Вот мы и на квартире. Все принялись за работу. Кто рисует афишу, кто роли переписывает, готовит костюмы – дело есть у всех. С трудностями получили разрешение на постановку. Для нас это большая радость, потому что в Москве впервые – татарский театр!
Мы поставили пьесу «Невежество и ученость». Несмотря на то, что в театр пришло много людей, из-за больших расходов нам не досталось ни копейки. Когда играли последнюю сцену, к нам зашел Кудашев.
– Когда доиграете, выходите через черный ход, а я сам все улажу, – сказал он.
– А почему мы должны так делать? – спросила я.
– Сбор маленький, если заплатим клубу за свет и аренду, самим ничего не останется.
Мы сделали так, как он сказал. Наутро он накормил нас всех черным хлебом и чаем. А сам ушел снова искать клуб и получать разрешение. Но сколько он ни ходил, ничего не вышло.
Нерегулярное питание меня окончательно истощило. У меня стала кружиться голова и появились боли в груди. Да еще и Фатыма стала меня донимать: «Это ты меня сюда привезла, дома я жила в сытости». Артисты тоже стали ругаться между собой. Скандалят. Товарищ Ахунов встал и крикнул в сердцах: «Ах, чёрт, ну почему же я родился татарином!», Касим Шамиль встает и кричит: «Давайте продадим мои брюки!» и трясет своими штанами, Барый ему: «Глупец, хочешь продать последние штаны, а потом не в чем будет выходить на улицу!». Пока мы так шумели, к нам зашел хозяин квартиры и стал требовать деньги: «Если не собираетесь платить, освободите квартиру».

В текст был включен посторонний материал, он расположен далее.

(* Let $G=(V,R,E)$ be a finite bipartite version–record graph with version tree $\mathbb{T}$ satisfying the standing assumptions below, and let $0<\delta\le1$. Then the algorithm LyreSplit with parameter $\delta$ (described below) outputs a partition of $V$ into blocks $\mathcal{V}_1,\dots,\mathcal{V}_K$ whose storage cost satisfies $\mathcal{S}=\sum_k|\mathcal{R}_k|\le(1+\delta)^{\ell}|R|$ and whose average checkout cost satisfies $\mathcal{C}_{avg}=\frac{1}{|V|}\sum_k|\mathcal{V}_k||\mathcal{R}_k|\le\frac{1}{\delta}\cdot\frac{|E|}{|V|}$; i.e., it is a $((1+\delta)^{\ell},\frac1\delta)$-approximation, where $\ell$ is the recursion level at which the algorithm terminates.
   Context: $(v,r)\in E$ means version $v$ contains record $r$; $R(v)=\{r:(v,r)\in E\}$ and $R=\bigcup_v R(v)$. $\mathbb{T}$ is a rooted tree on $V$ (edges parent$\to$child) with edge weights $w(v_i,v_j)=|R(v_i)\cap R(v_j)|$. Standing assumption (no cross-version diff rule): for every record $r$, the set of versions containing $r$ is a connected subtree of $\mathbb{T}$. For a block $\mathcal{V}_k$, $\mathcal{R}_k=\bigcup_{v\in\mathcal{V}_k}R(v)$. LyreSplit on a subtree with version set $V'$, record set $R'=\bigcup_{v\in V'}R(v)$ and bipartite edge count $|E'|=\sum_{v\in V'}|R(v)|$: if $|R'||V'|<|E'|/\delta$, return $V'$ as a single block; otherwise pick any tree edge $e$ of the subtree with $w(e)\le\delta|R'|$ (such an edge exists), remove it to split the subtree into two subtrees, and recursively apply LyreSplit to each, returning the union of the resulting blocks. The initial call on the whole tree is at recursion level $0$, and its recursive calls are at level $1$, etc.; $\ell$ denotes the largest recursion level reached. An algorithm is an $(X,Y)$-approximation if its storage cost is at most $X\cdot|R|$ and its average checkout cost is at most $Y\cdot\frac{|E|}{|V|}$. *)

From HB Require Import structures.
From mathcomp Require Import all_boot all_order all_algebra.
Set Implicit Arguments. Unset Strict Implicit. Unset Printing Implicit Defensive.
Import Order.TTheory GRing.Theory Num.Theory.
Local Open Scope ring_scope.

(* Versions: finite type Vt; records: finite type Rc;
   bipartite edge set E : {set Vt * Rc}  ((v,r) \in E  <=>  version v contains r).
   Version tree: edge relation T (parent -> child) on Vt. *)

Section VersionGraph.
Variables (Vt Rc : finType).

Definition is_rooted_tree (T : rel Vt) (root : Vt) : Prop :=
  [/\ forall u, ~~ T u root,
      forall v, v != root -> #|[set u | T u v]| = 1%N
    & forall v, connect T root v].

Definition tree_rel_on (T : rel Vt) (S : {set Vt}) : rel Vt :=
  [rel x y | [&& x \in S, y \in S & T x y || T y x]].

Definition tree_connected (T : rel Vt) (S : {set Vt}) : Prop :=
  forall x y, x \in S -> y \in S -> connect (tree_rel_on T S) x y.

Variable E : {set Vt * Rc}.

Definition recs (v : Vt) : {set Rc} := [set r | (v, r) \in E].
Definition recs_of (S : {set Vt}) : {set Rc} := \bigcup_(v in S) recs v.
Definition nedges (S : {set Vt}) : nat := (\sum_(v in S) #|recs v|)%N.
Definition wt (u v : Vt) : nat := #|recs u :&: recs v|.

Definition cut_rel (T : rel Vt) (S : {set Vt}) (u v : Vt) : rel Vt :=
  [rel x y | tree_rel_on T S x y &&
             ~~ (((x == u) && (y == v)) || ((x == v) && (y == u)))].
Definition side_v (T : rel Vt) (S : {set Vt}) (u v : Vt) : {set Vt} :=
  [set x in S | connect (cut_rel T S u v) v x].
Definition side_u (T : rel Vt) (S : {set Vt}) (u v : Vt) : {set Vt} :=
  S :\: side_v T S u v.

Variable F : realFieldType.
Variable T : rel Vt.
Variable delta : F.

Definition stop_cond (S : {set Vt}) : bool :=
  (#|recs_of S|%:R * #|S|%:R < (nedges S)%:R / delta).

(* lyre S n blocks l : a (nondeterministic) run of LyreSplit on the subtree with
   version set S, called at recursion level n, returns [blocks], and the largest
   recursion level reached during this call is l. *)
Inductive lyre : {set Vt} -> nat -> seq {set Vt} -> nat -> Prop :=
| lyre_stop S n : stop_cond S -> lyre S n [:: S] n
| lyre_split S n u v b1 l1 b2 l2 :
    ~~ stop_cond S ->
    u \in S -> v \in S -> T u v ->
    (wt u v)%:R <= delta * #|recs_of S|%:R ->
    lyre (side_u T S u v) n.+1 b1 l1 ->
    lyre (side_v T S u v) n.+1 b2 l2 ->
    lyre S n (b1 ++ b2) (maxn l1 l2).

End VersionGraph.

Definition storage_cost (Vt Rc : finType) (E : {set Vt * Rc}) (bs : seq {set Vt}) : nat :=
  (\sum_(B <- bs) #|recs_of E B|)%N.
Definition checkout_total (Vt Rc : finType) (E : {set Vt * Rc}) (bs : seq {set Vt}) : nat :=
  (\sum_(B <- bs) #|B| * #|recs_of E B|)%N.
Definition all_recs (Vt Rc : finType) (E : {set Vt * Rc}) : {set Rc} :=
  recs_of E [set: Vt].

From HB Require Import structures.
From mathcomp Require Import all_boot all_order all_algebra.
Import Order.TTheory GRing.Theory Num.Theory.
Local Open Scope ring_scope.

Set Implicit Arguments. Unset Strict Implicit.

(* Call S tree-convex if its intersection with every connected subtree is
   connected; the whole tree is, and cutting a tree-convex S along an edge
   u -> v leaves two tree-convex sides, since a walk can only pass from one
   side to the other through that edge.  Hence a record present on both sides
   (its versions form a connected subtree) is present at u and at v, so the
   two record sets have total size at most |R'| + w(u,v) <= (1 + delta)|R'|,
   and the storage grows by a factor (1 + delta) per recursion level.  The
   checkout bound holds for every leaf block by the stopping condition, and
   the edge counts |E'| of the two sides add up to that of S. *)

Section TreeConvex.
Variables (Vt : finType) (T : rel Vt).

Lemma tree_rel_onC (A : {set Vt}) : symmetric (tree_rel_on T A).
Proof. by move=> x y; rewrite /tree_rel_on /= andbCA orbC. Qed.

Lemma closed_tree_rel_on (A : {set Vt}) : closed (tree_rel_on T A) A.
Proof. by move=> x y /and3P[-> -> _]. Qed.

Lemma connect_tree_rel_on_mem (A : {set Vt}) x y :
  x \in A -> connect (tree_rel_on T A) x y -> y \in A.
Proof. by move=> xA /(closed_connect (@closed_tree_rel_on A)) <-. Qed.

Definition sole_exit (A P : {set Vt}) (w : Vt) : Prop :=
  forall z z', z \in A :&: P -> tree_rel_on T A z z' -> z' \notin P -> z = w.

Lemma connect_sole_exit (A P : {set Vt}) w x y :
  sole_exit A P w -> x \in A :&: P -> connect (tree_rel_on T A) x y ->
  connect (tree_rel_on T (A :&: P)) x y \/ connect (tree_rel_on T (A :&: P)) x w.
Proof.
move=> exitP xAP /connectP[p + ->] {y}; elim/last_ind: p => [|p z IHp] /=.
  by left.
rewrite rcons_path last_rcons => /andP[/IHp [cxy|] // yz]; last by right.
have yAP := connect_tree_rel_on_mem xAP cxy.
case zP: (z \in P).
  left; apply: connect_trans cxy (connect1 _).
  by move: yz yAP; rewrite /tree_rel_on /= !inE zP andbT => /and3P[-> -> ->] /andP[_ ->].
by right; rewrite -(exitP _ z yAP yz) ?zP.
Qed.

Lemma connect_sole_exit_in (A P : {set Vt}) w x y :
  sole_exit A P w -> x \in A :&: P -> y \in A :&: P ->
  connect (tree_rel_on T A) x y -> connect (tree_rel_on T (A :&: P)) x y.
Proof.
move=> exitP xAP yAP cxy.
have symA := sym_connect_sym (tree_rel_onC A).
have symAP := sym_connect_sym (tree_rel_onC (A :&: P)).
have [//|cxw] := connect_sole_exit exitP xAP cxy.
have cyx : connect (tree_rel_on T A) y x by rewrite symA.
have [|cyw] := connect_sole_exit exitP yAP cyx; first by rewrite symAP.
by apply: connect_trans cxw _; rewrite symAP.
Qed.

Definition tree_convex (S : {set Vt}) : Prop :=
  forall Q, tree_connected T Q -> tree_connected T (Q :&: S).

Lemma tree_convexT : tree_convex [set: Vt].
Proof. by move=> Q; rewrite setIT. Qed.

Section ConvexExit.
Variables (S P : {set Vt}) (w : Vt).
Hypotheses (convexS : tree_convex S) (sub_PS : P \subset S).
Hypothesis exitP : forall A : {set Vt}, A \subset S -> sole_exit A P w.

Lemma tree_convex_sole_exit : tree_convex P.
Proof.
move=> Q connQ x y; rewrite -(setIidPr sub_PS) setIA => xQSP yQSP.
have [xQS _] := setIP xQSP; have [yQS _] := setIP yQSP.
exact: connect_sole_exit_in (exitP (subsetIr Q S)) xQSP yQSP (convexS connQ xQS yQS).
Qed.

Lemma sole_exit_mem (Q : {set Vt}) x y : tree_connected T Q ->
  x \in Q :&: P -> y \in Q :&: S -> y \notin P -> w \in Q.
Proof.
move=> connQ xQP yQS yNP.
have xQS : x \in Q :&: S by rewrite inE (setIP xQP).1 (subsetP sub_PS) ?(setIP xQP).2.
have xQSP : x \in Q :&: S :&: P by rewrite inE xQS (setIP xQP).2.
have [cxy|cxw] := connect_sole_exit (exitP (subsetIr Q S)) xQSP (convexS connQ xQS yQS).
  by move: (connect_tree_rel_on_mem xQSP cxy); rewrite inE (negbTE yNP) andbF.
by have /setIP[/setIP[]] := connect_tree_rel_on_mem xQSP cxw.
Qed.

End ConvexExit.

Section Cut.
Variables (S : {set Vt}) (u v : Vt).

Lemma cut_relC : symmetric (cut_rel T S u v).
Proof.
move=> x y; rewrite /cut_rel /= tree_rel_onC.
by case: (x == u); case: (x == v); case: (y == u); case: (y == v).
Qed.

Lemma side_v_sub : side_v T S u v \subset S.
Proof. by apply/subsetP => x; rewrite inE => /andP[]. Qed.

Lemma side_u_sub : side_u T S u v \subset S.
Proof. exact: subsetDl. Qed.

Lemma side_uUv : side_u T S u v :|: side_v T S u v = S.
Proof. by rewrite -(setIidPr side_v_sub) setUC setID. Qed.

Lemma disjoint_sides : [disjoint side_u T S u v & side_v T S u v].
Proof. by rewrite disjoints_subset /side_u setDE subsetIr. Qed.

Lemma cut_rel_tree_rel_on (A : {set Vt}) z z' : A \subset S ->
  tree_rel_on T A z z' ->
  ~~ (((z == u) && (z' == v)) || ((z == v) && (z' == u))) -> cut_rel T S u v z z'.
Proof.
move=> /subsetP sAS /and3P[/sAS zS /sAS z'S Tzz'] ncut.
by rewrite /cut_rel /tree_rel_on /= zS z'S Tzz' ncut.
Qed.

Lemma sole_exit_side_u (A : {set Vt}) : A \subset S -> sole_exit A (side_u T S u v) u.
Proof.
move=> sAS z z' /setIP[_ zu] zz' z'Nu.
have [zS z'S] : z \in S /\ z' \in S by case/and3P: zz' => /(subsetP sAS) ? /(subsetP sAS).
move: zu z'Nu; rewrite !inE zS z'S !andbT negbK /= => cvNz cvz'.
case cut: (((z == u) && (z' == v)) || ((z == v) && (z' == u))).
  by case/orP: cut => /andP[/eqP // zv _]; rewrite zv connect0 in cvNz.
suff cz'z : cut_rel T S u v z' z by rewrite (connect_trans cvz' (connect1 cz'z)) in cvNz.
by rewrite cut_relC; apply: cut_rel_tree_rel_on sAS zz' _; rewrite cut.
Qed.

Hypothesis vS : v \in S.

Lemma sole_exit_side_v (A : {set Vt}) : A \subset S -> sole_exit A (side_v T S u v) v.
Proof.
move=> sAS z z' /setIP[_ zv] zz' z'Nv.
have vv : v \in side_v T S u v by rewrite inE vS connect0.
case cut: (((z == u) && (z' == v)) || ((z == v) && (z' == u))).
  by case/orP: cut => /andP[/eqP // _ /eqP z'v]; rewrite z'v vv in z'Nv.
move: zv z'Nv; rewrite !inE => /andP[_ cvz].
rewrite (subsetP sAS) ?(connect_trans cvz (connect1 _)) //; last by case/and3P: zz'.
by apply: cut_rel_tree_rel_on sAS zz' _; rewrite cut.
Qed.

Hypothesis convexS : tree_convex S.

Lemma tree_convex_side_u : tree_convex (side_u T S u v).
Proof. exact: tree_convex_sole_exit convexS side_u_sub sole_exit_side_u. Qed.

Lemma tree_convex_side_v : tree_convex (side_v T S u v).
Proof. exact: tree_convex_sole_exit convexS side_v_sub sole_exit_side_v. Qed.

End Cut.
End TreeConvex.

Section Records.
Variables (Vt Rc : finType) (T : rel Vt) (E : {set Vt * Rc}).

Lemma recs_ofS (A B : {set Vt}) : A \subset B -> recs_of E A \subset recs_of E B.
Proof.
by move=> /subsetP sAB; apply/bigcupsP => x /sAB xB; apply: bigcup_sup.
Qed.

Lemma recs_ofU (A B : {set Vt}) : recs_of E (A :|: B) = recs_of E A :|: recs_of E B.
Proof.
apply/setP => r; apply/bigcupP/setUP => [[x /setUP[] xAB rx]|].
- by left; apply/bigcupP; exists x.
- by right; apply/bigcupP; exists x.
by case=> /bigcupP[x xAB rx]; exists x; rewrite // inE xAB ?orbT.
Qed.

Lemma nedges_setD (A B : {set Vt}) : A \subset B ->
  nedges E B = (nedges E (B :\: A) + nedges E A)%N.
Proof. by move=> sAB; rewrite /nedges (big_setID A) /= (setIidPr sAB) addnC. Qed.

Lemma nedges_setT : nedges E [set: Vt] = #|E|.
Proof.
rewrite /nedges -sum1_card.
rewrite (eq_bigl (fun p => (p.1 \in [set: Vt]) && (p.2 \in recs E p.1))); last first.
  by case=> x r; rewrite !inE.
rewrite -(pair_big_dep _ (fun x r => r \in recs E x) (fun _ _ => 1%N)).
by apply: eq_bigr => x _; rewrite sum1_card.
Qed.

Hypothesis recs_connected : forall r : Rc, tree_connected T [set x | (x, r) \in E].

Lemma recs_of_sidesI (S : {set Vt}) (u v : Vt) : tree_convex T S -> v \in S ->
  recs_of E (side_u T S u v) :&: recs_of E (side_v T S u v) \subset recs E u :&: recs E v.
Proof.
move=> convexS vS; apply/subsetP => r /setIP[/bigcupP[x xu rx] /bigcupP[y yv ry]].
set Q := [set z | (z, r) \in E].
have [xQ yQ] : x \in Q /\ y \in Q by rewrite !inE in rx ry *.
have xS := subsetP (side_u_sub T S u v) x xu; have yS := subsetP (side_v_sub T S u v) y yv.
have yNu : y \notin side_u T S u v by rewrite in_setD yv.
have xNv : x \notin side_v T S u v by move: xu; rewrite in_setD => /andP[].
have uQ : u \in Q.
  apply: (sole_exit_mem convexS (side_u_sub T S u v) (@sole_exit_side_u _ T S u v)
            (@recs_connected r) (x := x) (y := y)) => //; exact/setIP.
have vQ : v \in Q.
  apply: (sole_exit_mem convexS (side_v_sub T S u v) (sole_exit_side_v vS)
            (@recs_connected r) (x := y) (y := x)) => //; exact/setIP.
by rewrite !inE in uQ vQ *; rewrite uQ vQ.
Qed.

Lemma card_recs_of_sides (S : {set Vt}) (u v : Vt) : tree_convex T S -> v \in S ->
  (#|recs_of E (side_u T S u v)| + #|recs_of E (side_v T S u v)|
     <= #|recs_of E S| + wt E u v)%N.
Proof.
move=> convexS vS; rewrite -cardsUI -recs_ofU; apply: leq_add.
  by apply/subset_leq_card/recs_ofS; rewrite subUset side_u_sub side_v_sub.
exact/subset_leq_card/recs_of_sidesI.
Qed.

Мы нашли двухкомнатную квартиру и съехали. Товарищи решили сами взяться за дело. Но мы все мучаемся голодом настолько, что совершенно выбились из сил. Пошёл уже седьмой день, как я ничего не ем. У меня закружилась голова, и я потеряла сознание. Через какое-то время я очнулась и попыталась встать, но перед глазами все потемнело, и я снова упала. Товарищи дали мне понюхать нашатырь и привели меня в чувства. Я не понимаю, что со мной происходит. Передо мной стоит Фатыма. Спрашиваю: «Почему я такая?» Она грызет заплесневевший хлеб, я спрашиваю: «Что ты ешь?». Она говорит: «Я собрала хлебные корки, выброшенные хозяйкой, на, погрызи, немного сил наберешься» и протянула мне сухарь. А сама со словами: «Подруга, до чего же мы докатились» расплакалась. Я стараюсь не подавать вида: «Да ничего страшного не произошло, просто у меня немного кружится голова, это пройдет, это так».
Фатыма говорит: «Я тебя умоляю. Давай уедем в Казань, бросим это дело. Иначе пропадем мы на этом пути». А я говорю: «Начатое надо довести до конца, я не брошу своё дело на полпути». «Ты – дура, думаешь у татар будет собственная труппа?» – «Пока я не увижу, как встанет на ноги татарский театр, я сцену не брошу». Но сколько бы я ее ни уговаривала, она стояла на своем и просилась обратно в Казань.
Товарищи продали билеты, я сдала в ломбард свой калфак, мы немного поправили положение и начали более-менее питаться. Плюс ко всему со второй постановки нам даже кое-что перепало. Но Кудашев никогда нам не показывал сборов открыто. Поэтому в конце концов вышел скандал и Кудашев ушел от нас. А мы остались все вместе.
Однажды какая-то женщина позвонила по телефону и пригласила меня к себе к пяти часам вечера.
– Кто вы? Для чего вы меня приглашаете?
– Придете, там и познакомимся. Вот мой адрес, – сказала она коротко и положила трубку.
Я посоветовалась с товарищами, стоит ли туда идти. Они посоветовали сходить, вдруг что-то выгорит.